(Dataset records)
====

(* Let $\Omega\subset\mathbb{R}^d$ be a bounded Lipschitz domain, $\beta>0$, $g:[0,\infty)\to[0,\infty)$ continuous and strictly increasing with $g(0)=0$, $0<\alpha\le1$, $\delta,M_1,M_2>0$, and $R:=\operatorname{diam}(\Omega)$. Let $\varrho=\varrho(\Omega,\delta,M_1,M_2,\alpha)>0$ be the radius of guaranteed local injectivity described in the context. Then there exists $\bar\varepsilon>0$ depending only on $d,\Omega,\delta,\alpha,M_1,M_2,g$ such that the following holds: if $y\in C^{1,\alpha}(\Omega;\mathbb{R}^d)$ satisfies $\det\nabla y\ge\delta$, $|\nabla y|\le M_1$ on $\Omega$, $\|\nabla y\|_{C^\alpha(\Omega)}\le M_2$, if $0<\varepsilon_2\le\bar\varepsilon$, and if $$|y(x_1)-y(x_2)|>R\varepsilon_2\quad\text{for all }x_1,x_2\in\Omega\text{ with }|x_1-x_2|>\tfrac{\varrho}{2},$$ then $E^{CN}_{\varepsilon_2}(y)=0$.
   Context: For $\varepsilon_2>0$, $E^{CN}_{\varepsilon_2}(y):=\frac{1}{\varepsilon_2^\beta}\int_{\Omega\times\Omega}\frac{1}{\varepsilon_2^d}\big[g(|\tilde x-x|)-g\big(\tfrac{1}{\varepsilon_2}|y(\tilde x)-y(x)|\big)\big]^+\,d(x,\tilde x)$, with $[a]^+=\max\{0,a\}$. The radius $\varrho>0$ depends only on $\Omega,\delta,M_1,M_2,\alpha$ and has the property that every $y\in C^{1,\alpha}(\Omega;\mathbb{R}^d)$ satisfying the three bounds is injective on $B_\varrho(\bar x)\cap\Omega$ for every $\bar x\in\bar\Omega$, with $\frac12\frac{\delta}{M_1^{d-1}}|x_1-x_2|\le|y(x_1)-y(x_2)|\le M_1\sqrt{1+L^2}|x_1-x_2|$ there ($L$ bounding the local Lipschitz constants of $\partial\Omega$). *)

From HB Require Import structures.
From mathcomp Require Import all_boot all_order all_algebra.
From mathcomp Require Import all_classical all_reals all_analysis.
Set Implicit Arguments. Unset Strict Implicit. Unset Printing Implicit Defensive.
Import Order.TTheory GRing.Theory Num.Theory.
Import numFieldNormedType.Exports.
Local Open Scope classical_set_scope.
Local Open Scope ring_scope.

Section Defs.
Variable R : realType.

Definition dotv (d : nat) (u v : 'cV[R]_d) : R := \sum_(i < d) u i 0 * v i 0.
Definition enorm (d : nat) (v : 'cV[R]_d) : R := Num.sqrt (dotv v v).
Definition fnorm (d : nat) (A : 'M[R]_d) : R :=
  Num.sqrt (\sum_(i < d) \sum_(j < d) A i j ^+ 2).

Definition hasDeriv (d : nat) (y : 'cV[R]_d -> 'cV[R]_d) (A : 'M[R]_d) (x : 'cV[R]_d) :=
  forall eps : R, 0 < eps -> exists del : R, 0 < del /\
    forall h : 'cV[R]_d, enorm h < del ->
      enorm (y (x + h) - y x - A *m h) <= eps * enorm h.

Definition lipschitz_domain (d : nat) (Om : set 'cV[R]_d) (L : R) : Prop :=
  [/\ Om !=set0, open Om, connected Om,
      (exists M : R, forall x, Om x -> enorm x <= M) /\ 0 <= L &
      forall p, closure Om p -> ~ Om p ->
        exists r : R, exists e : 'cV[R]_d, exists gam : 'cV[R]_d -> R,
          [/\ 0 < r, enorm e = 1,
              (forall u v, `|gam u - gam v| <= L * enorm (u - v)) &
              forall x, enorm (x - p) < r ->
                (Om x <-> dotv e x < gam (x - dotv e x *: e))]].

Definition diam (d : nat) (Om : set 'cV[R]_d) : R :=
  sup [set r | exists x x', [/\ Om x, Om x' & r = enorm (x - x')]].

(* ||F||_{C^alpha(Om)} := sup |F| + [F]_alpha <= M, written out *)
Definition holder_norm_le (d : nat) (Om : set 'cV[R]_d) (F : 'cV[R]_d -> 'M[R]_d)
    (alpha M : R) : Prop :=
  exists A B : R, [/\ 0 <= A, 0 <= B, A + B <= M /\
    (forall x, Om x -> fnorm (F x) <= A) &
    (forall x x', Om x -> Om x' -> fnorm (F x - F x') <= B * powR (enorm (x - x')) alpha)].

Definition C1alpha (d : nat) (Om : set 'cV[R]_d) (alpha : R)
    (y : 'cV[R]_d -> 'cV[R]_d) (Dy : 'cV[R]_d -> 'M[R]_d) : Prop :=
  (forall x, Om x -> hasDeriv y (Dy x) x) /\ exists M : R, holder_norm_le Om Dy alpha M.

Definition three_bounds (d : nat) (Om : set 'cV[R]_d) (alpha delta M1 M2 : R)
    (Dy : 'cV[R]_d -> 'M[R]_d) : Prop :=
  [/\ (forall x, Om x -> delta <= \det (Dy x)),
      (forall x, Om x -> fnorm (Dy x) <= M1) &
      holder_norm_le Om Dy alpha M2].

Definition loc_inj_radius (d : nat) (Om : set 'cV[R]_d) (L alpha delta M1 M2 rho : R) : Prop :=
  forall (y : 'cV[R]_d -> 'cV[R]_d) (Dy : 'cV[R]_d -> 'M[R]_d),
    C1alpha Om alpha y Dy -> three_bounds Om alpha delta M1 M2 Dy ->
    forall xb, closure Om xb ->
      (forall x1 x2, Om x1 -> Om x2 -> enorm (x1 - xb) < rho -> enorm (x2 - xb) < rho ->
         y x1 = y x2 -> x1 = x2) /\
      (forall x1 x2, Om x1 -> Om x2 -> enorm (x1 - xb) < rho -> enorm (x2 - xb) < rho ->
         (1 / 2) * (delta / M1 ^+ d.-1) * enorm (x1 - x2) <= enorm (y x1 - y x2) /\
         enorm (y x1 - y x2) <= M1 * Num.sqrt (1 + L ^+ 2) * enorm (x1 - x2)).

(* Lebesgue integral over R^n of a nonnegative function of the coordinates,
   computed as the iterated one-dimensional Lebesgue integral (Tonelli). *)
Fixpoint iint (n : nat) (F : (nat -> R) -> \bar R) : \bar R :=
  match n with
  | 0 => F (fun _ => 0)
  | n'.+1 => (\int[@lebesgue_measure R]_t
                 iint n' (fun v => F (fun k => if k is k'.+1 then v k' else t)))%E
  end.

Definition int_RdxRd (d : nat) (G : 'cV[R]_d -> 'cV[R]_d -> \bar R) : \bar R :=
  iint (d + d) (fun v => G (\col_(i < d) v i) (\col_(i < d) v (d + i)%N)).

Definition ECN (d : nat) (Om : set 'cV[R]_d) (g : R -> R) (beta eps2 : R)
    (y : 'cV[R]_d -> 'cV[R]_d) : \bar R :=
  ((powR eps2 beta)^-1)%:E *
  int_RdxRd (fun x xt =>
    if `[< Om x /\ Om xt >] then
      ((eps2 ^+ d)^-1 * Num.max (g (enorm (xt - x)) - g (eps2^-1 * enorm (y xt - y x))) 0)%:E
    else 0%E).

End Defs.

From HB Require Import structures.
From mathcomp Require Import all_boot all_order all_algebra.
From mathcomp Require Import all_classical all_reals all_analysis.
From mathcomp Require Import lra.
Import Order.TTheory GRing.Theory Num.Theory.
Import numFieldNormedType.Exports.
Local Open Scope classical_set_scope.
Local Open Scope ring_scope.

(* With [c := delta / (2 M1^(d-1))] and [epsbar := c], the map [y] expands
   distances by at least [eps2] on all of [Om]: pairs closer than [rho / 2]
   lie in a common ball of radius [rho] where the local bi-Lipschitz bound
   gives the factor [c >= eps2], while for farther pairs the hypothesis gives
   [|y x1 - y x2| > diam Om * eps2 >= eps2 |x1 - x2|].  Hence
   [|xt - x| <= |y xt - y x| / eps2], so monotonicity of [g] makes the
   integrand of the energy vanish identically. *)

Section NonlocalEnergy.
Context {R : realType} {d : nat}.
Implicit Types (u v x xt : 'cV[R]_d) (Om : set 'cV[R]_d).

Lemma dotv_ge0 v : 0 <= dotv v v.
Proof. by apply: sumr_ge0 => i _; exact: sqr_ge0. Qed.

Lemma enorm_ge0 v : 0 <= enorm v.
Proof. exact: sqrtr_ge0. Qed.

Lemma enorm0 : enorm (0 : 'cV[R]_d) = 0.
Proof. by rewrite /enorm /dotv big1 ?sqrtr0 // => i _; rewrite mxE mul0r. Qed.

Lemma enormB u v : enorm (u - v) = enorm (v - u).
Proof.
rewrite /enorm /dotv; congr Num.sqrt; apply: eq_bigr => i _.
by rewrite !mxE -mulrNN !opprB.
Qed.

Lemma dotvB_le u v : dotv (u - v) (u - v) <= 2 * dotv u u + 2 * dotv v v.
Proof.
rewrite /dotv !mulr_sumr -big_split /=; apply: ler_sum => i _.
rewrite !mxE; have := sqr_ge0 (u i 0 + v i 0); nra.
Qed.

Lemma enormB_le u v (M : R) :
  enorm u <= M -> enorm v <= M -> enorm (u - v) <= 2 * M.
Proof.
move=> uM vM; have M_ge0 : 0 <= M := le_trans (enorm_ge0 u) uM.
have sqr_le (w : 'cV[R]_d) : enorm w <= M -> dotv w w <= M ^+ 2.
  by move=> wM; rewrite -(sqr_sqrtr (dotv_ge0 w)) lerXn2r ?nnegrE ?enorm_ge0.
rewrite -[2 * M]ger0_norm ?mulr_ge0 // -sqrtr_sqr; apply: ler_wsqrtr.
have := dotvB_le u v; have := sqr_le u uM; have := sqr_le v vM.
rewrite exprMn; lra.
Qed.

Lemma enorm_le_diam Om x x' :
  (exists M, forall z, Om z -> enorm z <= M) -> Om x -> Om x' ->
  enorm (x - x') <= diam Om.
Proof.
move=> [M OmM] Ox Ox'; apply: sup_upper_bound; last by exists x, x'.
split; first by exists (enorm (x - x')), x, x'.
by exists (2 * M) => _ [a [b [Oa Ob ->]]]; apply: enormB_le; apply: OmM.
Qed.

Lemma iint_eq0 (n : nat) (F : (nat -> R) -> \bar R) :
  (forall w, F w = 0%E) -> iint n F = 0%E.
Proof.
elim: n F => [|n IH] F F0 /=; first exact: F0.
under eq_fun do rewrite IH //.
exact: integral0.
Qed.

Lemma ECN_eq0_of_expanding Om (g : R -> R) (beta eps2 : R)
    (y : 'cV[R]_d -> 'cV[R]_d) :
  (forall s t, 0 <= s -> s <= t -> g s <= g t) -> 0 < eps2 ->
  (forall x xt, Om x -> Om xt -> eps2 * enorm (xt - x) <= enorm (y xt - y x)) ->
  ECN Om g beta eps2 y = 0%E.
Proof.
move=> g_mono eps2_gt0 y_exp; rewrite /ECN /int_RdxRd iint_eq0 ?mule0 // => v.
case: asboolP => [[Ox Oxt]|//].
set x := \col_(i < d) v i; set xt := \col_(i < d) v (d + i)%N.
have g_le : g (enorm (xt - x)) <= g (eps2^-1 * enorm (y xt - y x)).
  by apply: g_mono; rewrite ?enorm_ge0 // ler_pdivlMl // y_exp.
by rewrite max_r ?subr_le0 // mulr0.
Qed.

Lemma loc_inj_radius_lower_bound {Om} {L alpha delta M1 M2 rho : R}
    {y : 'cV[R]_d -> 'cV[R]_d} {Dy : 'cV[R]_d -> 'M[R]_d} {x xt} :
  loc_inj_radius Om L alpha delta M1 M2 rho ->
  C1alpha Om alpha y Dy -> three_bounds Om alpha delta M1 M2 Dy ->
  Om x -> Om xt -> enorm (xt - x) < rho ->
  (1 / 2) * (delta / M1 ^+ d.-1) * enorm (xt - x) <= enorm (y xt - y x).
Proof.
move=> rhoP y_C1 y_bounds Ox Oxt near.
have [_ bilip] := rhoP y Dy y_C1 y_bounds xt (subset_closure Oxt).
have xt_near : enorm (xt - xt) < rho.
  by rewrite subrr enorm0 (le_lt_trans (enorm_ge0 _) near).
by have [] := bilip xt x Oxt Ox xt_near; rewrite enormB.
Qed.

End NonlocalEnergy.

Theorem corollary3p7 (R : realType) (d : nat) (Om : set 'cV[R]_d) (L : R)
  (g : R -> R) (alpha delta M1 M2 rho : R) :
  lipschitz_domain Om L ->
  {within [set t : R | 0 <= t], continuous g} ->
  (forall s t : R, 0 <= s -> s < t -> g s < g t) ->
  (forall t : R, 0 <= t -> 0 <= g t) ->
  g 0 = 0 ->
  0 < alpha -> alpha <= 1 -> 0 < delta -> 0 < M1 -> 0 < M2 ->
  0 < rho -> loc_inj_radius Om L alpha delta M1 M2 rho ->
  exists epsbar : R, 0 < epsbar /\
    forall (beta : R) (y : 'cV[R]_d -> 'cV[R]_d) (Dy : 'cV[R]_d -> 'M[R]_d) (eps2 : R),
      0 < beta ->
      C1alpha Om alpha y Dy ->
      three_bounds Om alpha delta M1 M2 Dy ->
      0 < eps2 -> eps2 <= epsbar ->
      (forall x1 x2, Om x1 -> Om x2 -> rho / 2 < enorm (x1 - x2) ->
         diam Om * eps2 < enorm (y x1 - y x2)) ->
      ECN Om g beta eps2 y = 0%E.
Proof.
move=> [_ _ _ [Om_bdd _] _] _ g_incr _ _ _ _ delta_gt0 M1_gt0 _ rho_gt0 rhoP.
exists ((1 / 2) * (delta / M1 ^+ d.-1)); split.
  by rewrite mulr_gt0 ?divr_gt0 ?exprn_gt0.
move=> beta y Dy eps2 _ y_C1 y_bounds eps2_gt0 eps2_le far.
apply: ECN_eq0_of_expanding => // [s t s_ge0|x xt Ox Oxt].
  by rewrite le_eqVlt => /predU1P[<-|/(g_incr _ _ s_ge0)/ltW].
have [far_xxt|near_xxt] := ltrP (rho / 2) (enorm (xt - x)).
  apply/ltW/(le_lt_trans _ (far _ _ Oxt Ox far_xxt)).
  by rewrite mulrC ler_wpM2r ?(ltW eps2_gt0) ?enorm_le_diam.
have near_rho : enorm (xt - x) < rho by lra.
apply: le_trans (loc_inj_radius_lower_bound rhoP y_C1 y_bounds Ox Oxt near_rho).
by rewrite ler_wpM2r ?enorm_ge0.
Qed.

====

Problem details —
Copy out only the lines of the records above from the one with "lie in a common" through the one with "Lemma enorm_ge0 v : 0 <= enorm v.", exactly as they stand, both included.

Solved exercise —
   lie in a common ball of radius [rho] where the local bi-Lipschitz bound
   gives the factor [c >= eps2], while for farther pairs the hypothesis gives
   [|y x1 - y x2| > diam Om * eps2 >= eps2 |x1 - x2|].  Hence
   [|xt - x| <= |y xt - y x| / eps2], so monotonicity of [g] makes the
   integrand of the energy vanish identically. *)

Section NonlocalEnergy.
Context {R : realType} {d : nat}.
Implicit Types (u v x xt : 'cV[R]_d) (Om : set 'cV[R]_d).

Lemma dotv_ge0 v : 0 <= dotv v v.
Proof. by apply: sumr_ge0 => i _; exact: sqr_ge0. Qed.

Lemma enorm_ge0 v : 0 <= enorm v.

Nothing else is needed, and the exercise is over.